- WHAT IS NEEDED -
Search the records for the string "okix", then copy each line that has it.
MATERIALS PROVIDED section start
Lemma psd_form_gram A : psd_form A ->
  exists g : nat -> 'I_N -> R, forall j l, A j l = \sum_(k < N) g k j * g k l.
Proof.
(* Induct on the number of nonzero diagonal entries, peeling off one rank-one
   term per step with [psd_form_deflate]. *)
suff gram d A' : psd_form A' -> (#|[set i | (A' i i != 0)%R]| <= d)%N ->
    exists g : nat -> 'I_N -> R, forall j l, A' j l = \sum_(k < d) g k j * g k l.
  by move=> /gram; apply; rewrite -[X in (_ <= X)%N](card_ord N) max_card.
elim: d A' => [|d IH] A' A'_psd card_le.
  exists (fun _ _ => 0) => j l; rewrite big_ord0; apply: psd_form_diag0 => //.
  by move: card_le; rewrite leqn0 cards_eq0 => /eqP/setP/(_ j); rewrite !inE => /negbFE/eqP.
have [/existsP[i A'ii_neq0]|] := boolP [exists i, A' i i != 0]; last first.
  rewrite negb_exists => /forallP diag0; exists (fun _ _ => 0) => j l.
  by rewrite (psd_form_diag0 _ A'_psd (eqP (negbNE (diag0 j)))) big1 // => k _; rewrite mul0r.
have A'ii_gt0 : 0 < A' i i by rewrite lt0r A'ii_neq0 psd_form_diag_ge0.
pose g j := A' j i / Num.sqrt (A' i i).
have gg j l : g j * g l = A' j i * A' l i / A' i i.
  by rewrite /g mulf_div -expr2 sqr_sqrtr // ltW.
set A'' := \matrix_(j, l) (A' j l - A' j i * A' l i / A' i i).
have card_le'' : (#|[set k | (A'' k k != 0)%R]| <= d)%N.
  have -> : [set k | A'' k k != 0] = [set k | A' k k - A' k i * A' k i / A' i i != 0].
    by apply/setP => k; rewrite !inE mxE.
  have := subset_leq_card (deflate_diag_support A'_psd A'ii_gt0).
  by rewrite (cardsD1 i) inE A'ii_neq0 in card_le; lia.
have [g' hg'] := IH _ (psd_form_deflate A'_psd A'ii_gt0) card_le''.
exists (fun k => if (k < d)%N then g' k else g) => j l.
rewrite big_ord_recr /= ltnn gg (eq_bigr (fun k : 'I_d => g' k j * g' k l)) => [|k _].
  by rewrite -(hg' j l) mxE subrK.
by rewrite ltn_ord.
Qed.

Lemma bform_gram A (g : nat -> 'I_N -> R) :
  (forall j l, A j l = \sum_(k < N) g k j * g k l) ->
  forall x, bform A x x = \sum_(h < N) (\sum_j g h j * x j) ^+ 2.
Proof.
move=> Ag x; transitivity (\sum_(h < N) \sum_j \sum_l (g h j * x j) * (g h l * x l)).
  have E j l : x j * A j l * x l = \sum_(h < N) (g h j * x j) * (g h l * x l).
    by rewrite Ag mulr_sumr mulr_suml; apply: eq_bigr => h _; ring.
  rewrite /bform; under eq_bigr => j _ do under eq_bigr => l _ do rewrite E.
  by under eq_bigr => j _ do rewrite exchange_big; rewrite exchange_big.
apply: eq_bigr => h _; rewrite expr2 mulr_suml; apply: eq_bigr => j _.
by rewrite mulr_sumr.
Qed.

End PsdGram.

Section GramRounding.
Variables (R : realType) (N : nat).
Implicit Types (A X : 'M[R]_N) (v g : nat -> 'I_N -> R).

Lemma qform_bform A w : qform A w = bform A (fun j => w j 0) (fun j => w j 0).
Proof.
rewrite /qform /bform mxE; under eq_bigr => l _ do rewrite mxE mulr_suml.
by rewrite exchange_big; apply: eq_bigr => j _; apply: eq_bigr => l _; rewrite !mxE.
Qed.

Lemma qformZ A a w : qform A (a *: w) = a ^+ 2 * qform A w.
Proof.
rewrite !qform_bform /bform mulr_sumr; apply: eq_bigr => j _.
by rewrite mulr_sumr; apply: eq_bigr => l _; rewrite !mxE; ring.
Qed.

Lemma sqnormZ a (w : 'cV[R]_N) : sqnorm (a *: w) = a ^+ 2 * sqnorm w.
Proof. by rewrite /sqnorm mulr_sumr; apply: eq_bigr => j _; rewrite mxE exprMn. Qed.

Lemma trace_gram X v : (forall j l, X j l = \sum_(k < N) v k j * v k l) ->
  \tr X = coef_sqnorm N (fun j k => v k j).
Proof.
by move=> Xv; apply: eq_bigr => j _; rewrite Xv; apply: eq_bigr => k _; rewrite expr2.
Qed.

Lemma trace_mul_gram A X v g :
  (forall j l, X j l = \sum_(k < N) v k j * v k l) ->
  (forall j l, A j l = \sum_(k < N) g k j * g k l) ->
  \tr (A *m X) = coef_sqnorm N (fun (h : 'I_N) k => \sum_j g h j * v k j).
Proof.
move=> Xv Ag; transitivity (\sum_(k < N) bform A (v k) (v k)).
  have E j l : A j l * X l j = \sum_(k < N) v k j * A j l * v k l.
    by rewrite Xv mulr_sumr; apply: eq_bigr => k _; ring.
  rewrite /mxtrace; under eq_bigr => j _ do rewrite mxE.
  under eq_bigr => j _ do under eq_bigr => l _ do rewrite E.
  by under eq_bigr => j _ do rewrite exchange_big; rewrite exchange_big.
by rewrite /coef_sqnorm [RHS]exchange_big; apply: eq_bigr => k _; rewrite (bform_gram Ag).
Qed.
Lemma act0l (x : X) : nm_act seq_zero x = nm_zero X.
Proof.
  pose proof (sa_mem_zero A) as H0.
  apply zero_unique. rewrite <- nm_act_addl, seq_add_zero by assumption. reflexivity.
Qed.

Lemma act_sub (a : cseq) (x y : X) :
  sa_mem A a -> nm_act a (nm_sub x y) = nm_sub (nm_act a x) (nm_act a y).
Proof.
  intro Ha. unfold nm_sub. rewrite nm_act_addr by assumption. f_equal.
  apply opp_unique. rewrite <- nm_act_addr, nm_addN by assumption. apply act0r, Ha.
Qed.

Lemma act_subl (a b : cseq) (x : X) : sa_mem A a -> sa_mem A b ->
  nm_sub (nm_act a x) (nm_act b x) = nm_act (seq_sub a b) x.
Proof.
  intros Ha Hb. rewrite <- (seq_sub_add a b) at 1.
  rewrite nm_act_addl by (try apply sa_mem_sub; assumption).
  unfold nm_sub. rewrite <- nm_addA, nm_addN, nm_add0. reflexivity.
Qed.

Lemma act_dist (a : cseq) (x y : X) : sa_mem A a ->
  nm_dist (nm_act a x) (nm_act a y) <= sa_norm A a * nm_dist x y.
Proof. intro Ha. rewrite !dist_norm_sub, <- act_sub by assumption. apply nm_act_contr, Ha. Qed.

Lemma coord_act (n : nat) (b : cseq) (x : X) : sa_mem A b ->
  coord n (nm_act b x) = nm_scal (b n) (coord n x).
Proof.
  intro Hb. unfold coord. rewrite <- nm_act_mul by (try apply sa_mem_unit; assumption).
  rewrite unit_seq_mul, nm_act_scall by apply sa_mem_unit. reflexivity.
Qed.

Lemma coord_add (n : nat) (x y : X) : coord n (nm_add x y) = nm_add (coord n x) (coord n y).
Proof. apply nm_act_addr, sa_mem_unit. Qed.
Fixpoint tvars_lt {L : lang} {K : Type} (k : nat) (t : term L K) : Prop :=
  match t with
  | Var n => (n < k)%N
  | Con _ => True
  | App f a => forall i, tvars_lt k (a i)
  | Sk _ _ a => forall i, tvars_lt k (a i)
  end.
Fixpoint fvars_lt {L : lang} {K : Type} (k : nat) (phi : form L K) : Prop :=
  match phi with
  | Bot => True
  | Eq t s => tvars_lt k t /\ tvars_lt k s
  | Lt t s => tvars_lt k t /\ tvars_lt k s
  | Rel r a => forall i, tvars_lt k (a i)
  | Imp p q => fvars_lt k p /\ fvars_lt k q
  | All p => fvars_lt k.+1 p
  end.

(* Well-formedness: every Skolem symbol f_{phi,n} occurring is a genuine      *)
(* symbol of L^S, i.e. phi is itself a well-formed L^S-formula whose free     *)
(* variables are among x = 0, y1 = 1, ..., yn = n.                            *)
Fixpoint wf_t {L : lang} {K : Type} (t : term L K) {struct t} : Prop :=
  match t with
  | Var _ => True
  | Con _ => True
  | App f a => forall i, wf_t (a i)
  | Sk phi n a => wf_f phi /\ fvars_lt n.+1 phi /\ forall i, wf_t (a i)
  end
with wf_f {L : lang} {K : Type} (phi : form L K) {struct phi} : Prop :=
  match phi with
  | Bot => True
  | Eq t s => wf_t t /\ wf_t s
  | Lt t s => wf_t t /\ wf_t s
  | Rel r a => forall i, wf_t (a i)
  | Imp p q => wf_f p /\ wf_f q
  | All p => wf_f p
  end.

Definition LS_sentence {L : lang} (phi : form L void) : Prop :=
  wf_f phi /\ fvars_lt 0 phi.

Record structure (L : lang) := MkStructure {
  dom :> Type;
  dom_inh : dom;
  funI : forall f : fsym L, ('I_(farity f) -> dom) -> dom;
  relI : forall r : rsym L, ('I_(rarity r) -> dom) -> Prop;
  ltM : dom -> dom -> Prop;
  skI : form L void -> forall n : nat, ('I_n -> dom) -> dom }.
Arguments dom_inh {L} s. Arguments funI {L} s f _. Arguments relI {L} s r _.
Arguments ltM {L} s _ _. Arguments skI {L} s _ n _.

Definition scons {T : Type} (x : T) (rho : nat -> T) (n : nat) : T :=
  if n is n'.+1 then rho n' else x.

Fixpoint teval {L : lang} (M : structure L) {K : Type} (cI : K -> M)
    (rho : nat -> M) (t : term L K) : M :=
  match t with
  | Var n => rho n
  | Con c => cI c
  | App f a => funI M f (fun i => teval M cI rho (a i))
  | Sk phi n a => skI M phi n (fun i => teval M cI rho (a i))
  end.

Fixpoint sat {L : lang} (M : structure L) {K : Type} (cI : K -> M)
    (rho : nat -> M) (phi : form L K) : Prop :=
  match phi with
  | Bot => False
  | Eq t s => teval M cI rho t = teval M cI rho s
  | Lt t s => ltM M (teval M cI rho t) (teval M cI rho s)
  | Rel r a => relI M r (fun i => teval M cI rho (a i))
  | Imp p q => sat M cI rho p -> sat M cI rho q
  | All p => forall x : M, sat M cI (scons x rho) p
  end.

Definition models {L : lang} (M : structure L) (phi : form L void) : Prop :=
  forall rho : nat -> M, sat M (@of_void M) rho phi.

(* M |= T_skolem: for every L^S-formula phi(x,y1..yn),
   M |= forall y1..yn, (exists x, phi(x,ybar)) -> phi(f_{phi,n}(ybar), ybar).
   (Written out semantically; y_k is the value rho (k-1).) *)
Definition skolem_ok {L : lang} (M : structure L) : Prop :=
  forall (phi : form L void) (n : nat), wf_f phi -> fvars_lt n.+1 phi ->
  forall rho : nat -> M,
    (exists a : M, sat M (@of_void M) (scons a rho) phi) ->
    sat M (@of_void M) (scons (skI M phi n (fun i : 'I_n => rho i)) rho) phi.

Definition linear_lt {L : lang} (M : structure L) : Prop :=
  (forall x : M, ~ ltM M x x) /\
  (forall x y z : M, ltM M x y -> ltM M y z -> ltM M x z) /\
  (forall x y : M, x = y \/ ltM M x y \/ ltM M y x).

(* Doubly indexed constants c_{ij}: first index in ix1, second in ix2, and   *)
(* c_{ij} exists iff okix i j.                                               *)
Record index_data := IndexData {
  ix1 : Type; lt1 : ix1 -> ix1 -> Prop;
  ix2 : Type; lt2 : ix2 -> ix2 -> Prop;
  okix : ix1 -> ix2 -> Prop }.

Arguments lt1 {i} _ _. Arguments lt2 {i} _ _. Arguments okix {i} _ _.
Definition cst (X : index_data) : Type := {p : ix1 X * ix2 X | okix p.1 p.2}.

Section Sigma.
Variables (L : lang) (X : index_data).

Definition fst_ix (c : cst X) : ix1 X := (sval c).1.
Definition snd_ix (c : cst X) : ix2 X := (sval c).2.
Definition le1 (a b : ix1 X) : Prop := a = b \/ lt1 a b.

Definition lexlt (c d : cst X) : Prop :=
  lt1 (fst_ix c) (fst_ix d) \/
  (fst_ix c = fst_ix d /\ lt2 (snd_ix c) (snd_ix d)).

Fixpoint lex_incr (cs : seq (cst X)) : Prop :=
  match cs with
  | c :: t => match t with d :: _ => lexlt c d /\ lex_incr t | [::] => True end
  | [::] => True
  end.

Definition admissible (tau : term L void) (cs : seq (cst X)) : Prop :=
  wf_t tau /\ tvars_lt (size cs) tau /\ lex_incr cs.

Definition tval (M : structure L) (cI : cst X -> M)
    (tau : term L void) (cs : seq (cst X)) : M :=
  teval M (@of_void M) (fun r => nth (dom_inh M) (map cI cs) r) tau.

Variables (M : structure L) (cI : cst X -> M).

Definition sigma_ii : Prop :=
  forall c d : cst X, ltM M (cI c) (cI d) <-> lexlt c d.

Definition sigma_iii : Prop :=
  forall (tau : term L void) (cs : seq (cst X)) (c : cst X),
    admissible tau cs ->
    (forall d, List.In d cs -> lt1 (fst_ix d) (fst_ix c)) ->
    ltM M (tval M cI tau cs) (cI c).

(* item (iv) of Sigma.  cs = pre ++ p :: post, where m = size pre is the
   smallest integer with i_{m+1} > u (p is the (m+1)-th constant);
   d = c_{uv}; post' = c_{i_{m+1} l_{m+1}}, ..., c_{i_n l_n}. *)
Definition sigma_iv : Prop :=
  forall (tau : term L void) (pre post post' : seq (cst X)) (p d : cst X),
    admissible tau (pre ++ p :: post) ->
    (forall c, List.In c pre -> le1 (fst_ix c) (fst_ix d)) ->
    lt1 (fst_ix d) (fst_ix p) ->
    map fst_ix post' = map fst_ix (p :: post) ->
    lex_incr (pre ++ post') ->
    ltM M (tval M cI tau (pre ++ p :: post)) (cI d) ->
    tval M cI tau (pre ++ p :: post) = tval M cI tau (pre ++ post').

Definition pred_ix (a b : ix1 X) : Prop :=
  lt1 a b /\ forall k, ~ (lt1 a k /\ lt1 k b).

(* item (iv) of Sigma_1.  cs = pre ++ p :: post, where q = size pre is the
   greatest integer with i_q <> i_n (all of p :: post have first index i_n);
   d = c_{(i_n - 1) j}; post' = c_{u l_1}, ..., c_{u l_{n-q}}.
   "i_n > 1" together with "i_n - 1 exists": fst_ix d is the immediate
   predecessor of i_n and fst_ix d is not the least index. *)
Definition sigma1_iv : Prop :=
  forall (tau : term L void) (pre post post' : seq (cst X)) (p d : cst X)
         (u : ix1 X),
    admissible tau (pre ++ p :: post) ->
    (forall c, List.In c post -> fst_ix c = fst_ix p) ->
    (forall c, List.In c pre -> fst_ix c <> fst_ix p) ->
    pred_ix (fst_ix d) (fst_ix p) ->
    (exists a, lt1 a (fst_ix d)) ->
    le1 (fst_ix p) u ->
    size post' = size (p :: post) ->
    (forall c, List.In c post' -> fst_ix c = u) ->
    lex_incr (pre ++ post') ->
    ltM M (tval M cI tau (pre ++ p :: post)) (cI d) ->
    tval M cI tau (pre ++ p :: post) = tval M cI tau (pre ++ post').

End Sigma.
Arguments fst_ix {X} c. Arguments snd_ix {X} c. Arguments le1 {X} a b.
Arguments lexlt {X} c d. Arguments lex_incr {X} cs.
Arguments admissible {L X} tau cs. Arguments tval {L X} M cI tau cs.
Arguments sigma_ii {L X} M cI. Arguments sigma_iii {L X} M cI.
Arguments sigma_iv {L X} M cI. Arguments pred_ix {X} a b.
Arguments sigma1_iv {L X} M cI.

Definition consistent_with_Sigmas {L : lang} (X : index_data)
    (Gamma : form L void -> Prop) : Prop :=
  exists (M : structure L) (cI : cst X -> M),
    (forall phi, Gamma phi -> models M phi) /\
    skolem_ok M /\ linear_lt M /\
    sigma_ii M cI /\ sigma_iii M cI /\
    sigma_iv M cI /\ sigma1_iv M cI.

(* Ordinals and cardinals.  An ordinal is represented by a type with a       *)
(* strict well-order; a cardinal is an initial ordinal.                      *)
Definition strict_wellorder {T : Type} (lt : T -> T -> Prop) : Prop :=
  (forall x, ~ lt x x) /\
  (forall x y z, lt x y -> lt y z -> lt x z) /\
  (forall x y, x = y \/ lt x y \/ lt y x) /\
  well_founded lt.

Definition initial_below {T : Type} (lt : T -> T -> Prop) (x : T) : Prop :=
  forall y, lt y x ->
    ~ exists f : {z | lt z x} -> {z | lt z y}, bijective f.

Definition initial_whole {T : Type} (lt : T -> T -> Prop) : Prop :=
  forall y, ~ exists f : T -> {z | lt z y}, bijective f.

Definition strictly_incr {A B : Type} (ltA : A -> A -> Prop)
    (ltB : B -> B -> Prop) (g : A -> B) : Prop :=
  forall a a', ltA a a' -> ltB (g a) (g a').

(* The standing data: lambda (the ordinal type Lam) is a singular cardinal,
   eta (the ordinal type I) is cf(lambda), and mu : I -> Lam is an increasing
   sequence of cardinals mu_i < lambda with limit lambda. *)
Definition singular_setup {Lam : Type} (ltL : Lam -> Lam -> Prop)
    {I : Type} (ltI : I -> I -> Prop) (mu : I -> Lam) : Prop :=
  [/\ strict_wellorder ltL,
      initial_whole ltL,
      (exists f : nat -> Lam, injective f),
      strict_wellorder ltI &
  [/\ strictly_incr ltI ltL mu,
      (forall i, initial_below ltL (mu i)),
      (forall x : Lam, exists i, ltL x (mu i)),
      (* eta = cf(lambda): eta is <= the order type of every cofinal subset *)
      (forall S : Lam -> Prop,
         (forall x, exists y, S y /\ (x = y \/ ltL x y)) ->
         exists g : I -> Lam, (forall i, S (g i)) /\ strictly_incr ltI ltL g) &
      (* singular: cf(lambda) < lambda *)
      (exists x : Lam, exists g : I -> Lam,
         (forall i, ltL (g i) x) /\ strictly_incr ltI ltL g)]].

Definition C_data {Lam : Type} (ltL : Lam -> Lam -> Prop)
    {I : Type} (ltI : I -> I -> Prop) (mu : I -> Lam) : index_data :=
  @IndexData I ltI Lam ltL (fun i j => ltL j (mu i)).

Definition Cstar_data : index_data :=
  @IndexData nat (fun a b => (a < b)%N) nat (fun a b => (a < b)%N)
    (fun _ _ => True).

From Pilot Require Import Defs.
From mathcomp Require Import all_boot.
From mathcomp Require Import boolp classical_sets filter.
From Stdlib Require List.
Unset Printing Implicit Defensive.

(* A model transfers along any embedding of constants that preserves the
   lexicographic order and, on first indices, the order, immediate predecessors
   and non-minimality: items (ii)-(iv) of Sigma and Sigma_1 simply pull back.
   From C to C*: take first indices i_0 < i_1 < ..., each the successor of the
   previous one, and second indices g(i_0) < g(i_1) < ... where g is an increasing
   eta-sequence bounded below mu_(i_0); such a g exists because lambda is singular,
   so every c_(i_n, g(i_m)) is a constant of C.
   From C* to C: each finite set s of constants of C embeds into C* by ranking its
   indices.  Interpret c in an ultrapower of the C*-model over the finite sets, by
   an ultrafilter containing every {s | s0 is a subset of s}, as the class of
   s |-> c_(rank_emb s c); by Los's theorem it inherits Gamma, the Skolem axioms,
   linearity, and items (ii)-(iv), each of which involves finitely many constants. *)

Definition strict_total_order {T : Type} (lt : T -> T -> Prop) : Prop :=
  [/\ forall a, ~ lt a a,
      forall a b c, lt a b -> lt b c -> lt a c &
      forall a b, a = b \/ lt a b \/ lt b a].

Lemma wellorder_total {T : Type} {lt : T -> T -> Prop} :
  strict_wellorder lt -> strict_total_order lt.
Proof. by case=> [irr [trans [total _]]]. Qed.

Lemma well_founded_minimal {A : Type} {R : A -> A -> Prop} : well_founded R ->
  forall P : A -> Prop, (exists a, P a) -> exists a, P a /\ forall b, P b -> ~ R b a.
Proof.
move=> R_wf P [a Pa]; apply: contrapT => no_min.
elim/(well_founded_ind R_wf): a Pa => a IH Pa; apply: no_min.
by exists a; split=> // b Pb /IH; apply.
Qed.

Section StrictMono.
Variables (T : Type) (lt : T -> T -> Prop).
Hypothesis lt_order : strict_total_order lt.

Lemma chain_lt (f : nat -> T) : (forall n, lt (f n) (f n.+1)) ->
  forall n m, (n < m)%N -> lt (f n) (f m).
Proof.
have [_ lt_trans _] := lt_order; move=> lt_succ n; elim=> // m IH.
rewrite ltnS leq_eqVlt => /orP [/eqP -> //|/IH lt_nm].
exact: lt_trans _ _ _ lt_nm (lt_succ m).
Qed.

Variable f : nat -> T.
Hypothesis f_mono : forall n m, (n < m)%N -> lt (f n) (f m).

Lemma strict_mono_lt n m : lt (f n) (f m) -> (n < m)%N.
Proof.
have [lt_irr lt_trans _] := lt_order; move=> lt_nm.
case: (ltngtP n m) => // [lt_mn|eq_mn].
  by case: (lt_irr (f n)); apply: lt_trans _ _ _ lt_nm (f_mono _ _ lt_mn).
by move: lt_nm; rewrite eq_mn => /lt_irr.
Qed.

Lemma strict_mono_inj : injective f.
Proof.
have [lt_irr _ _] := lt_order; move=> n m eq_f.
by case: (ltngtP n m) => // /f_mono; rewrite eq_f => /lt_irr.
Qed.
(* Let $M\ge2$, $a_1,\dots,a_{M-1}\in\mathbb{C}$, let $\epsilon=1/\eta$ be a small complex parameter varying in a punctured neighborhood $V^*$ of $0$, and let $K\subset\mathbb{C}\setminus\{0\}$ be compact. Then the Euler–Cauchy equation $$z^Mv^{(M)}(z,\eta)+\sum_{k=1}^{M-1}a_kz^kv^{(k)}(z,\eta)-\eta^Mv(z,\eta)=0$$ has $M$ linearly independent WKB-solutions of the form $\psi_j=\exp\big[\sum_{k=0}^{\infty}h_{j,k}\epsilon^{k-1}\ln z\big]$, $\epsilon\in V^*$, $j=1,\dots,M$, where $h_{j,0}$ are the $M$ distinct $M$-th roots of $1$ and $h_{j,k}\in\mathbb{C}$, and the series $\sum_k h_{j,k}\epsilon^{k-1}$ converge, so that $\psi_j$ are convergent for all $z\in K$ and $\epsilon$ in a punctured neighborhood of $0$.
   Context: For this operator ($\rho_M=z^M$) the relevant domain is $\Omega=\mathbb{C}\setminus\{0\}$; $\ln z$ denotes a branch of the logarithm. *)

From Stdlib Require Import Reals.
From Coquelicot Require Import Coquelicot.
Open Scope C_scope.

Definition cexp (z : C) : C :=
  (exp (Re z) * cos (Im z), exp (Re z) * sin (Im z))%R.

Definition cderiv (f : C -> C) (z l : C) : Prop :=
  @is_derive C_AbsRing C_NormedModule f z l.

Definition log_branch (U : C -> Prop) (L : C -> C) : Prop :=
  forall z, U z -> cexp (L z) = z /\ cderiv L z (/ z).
MATERIALS PROVIDED section end
- SOLUTION FOR THIS TASK -
(* c_{ij} exists iff okix i j.                                               *)
  okix : ix1 -> ix2 -> Prop }.
Arguments lt1 {i} _ _. Arguments lt2 {i} _ _. Arguments okix {i} _ _.
Definition cst (X : index_data) : Type := {p : ix1 X * ix2 X | okix p.1 p.2}.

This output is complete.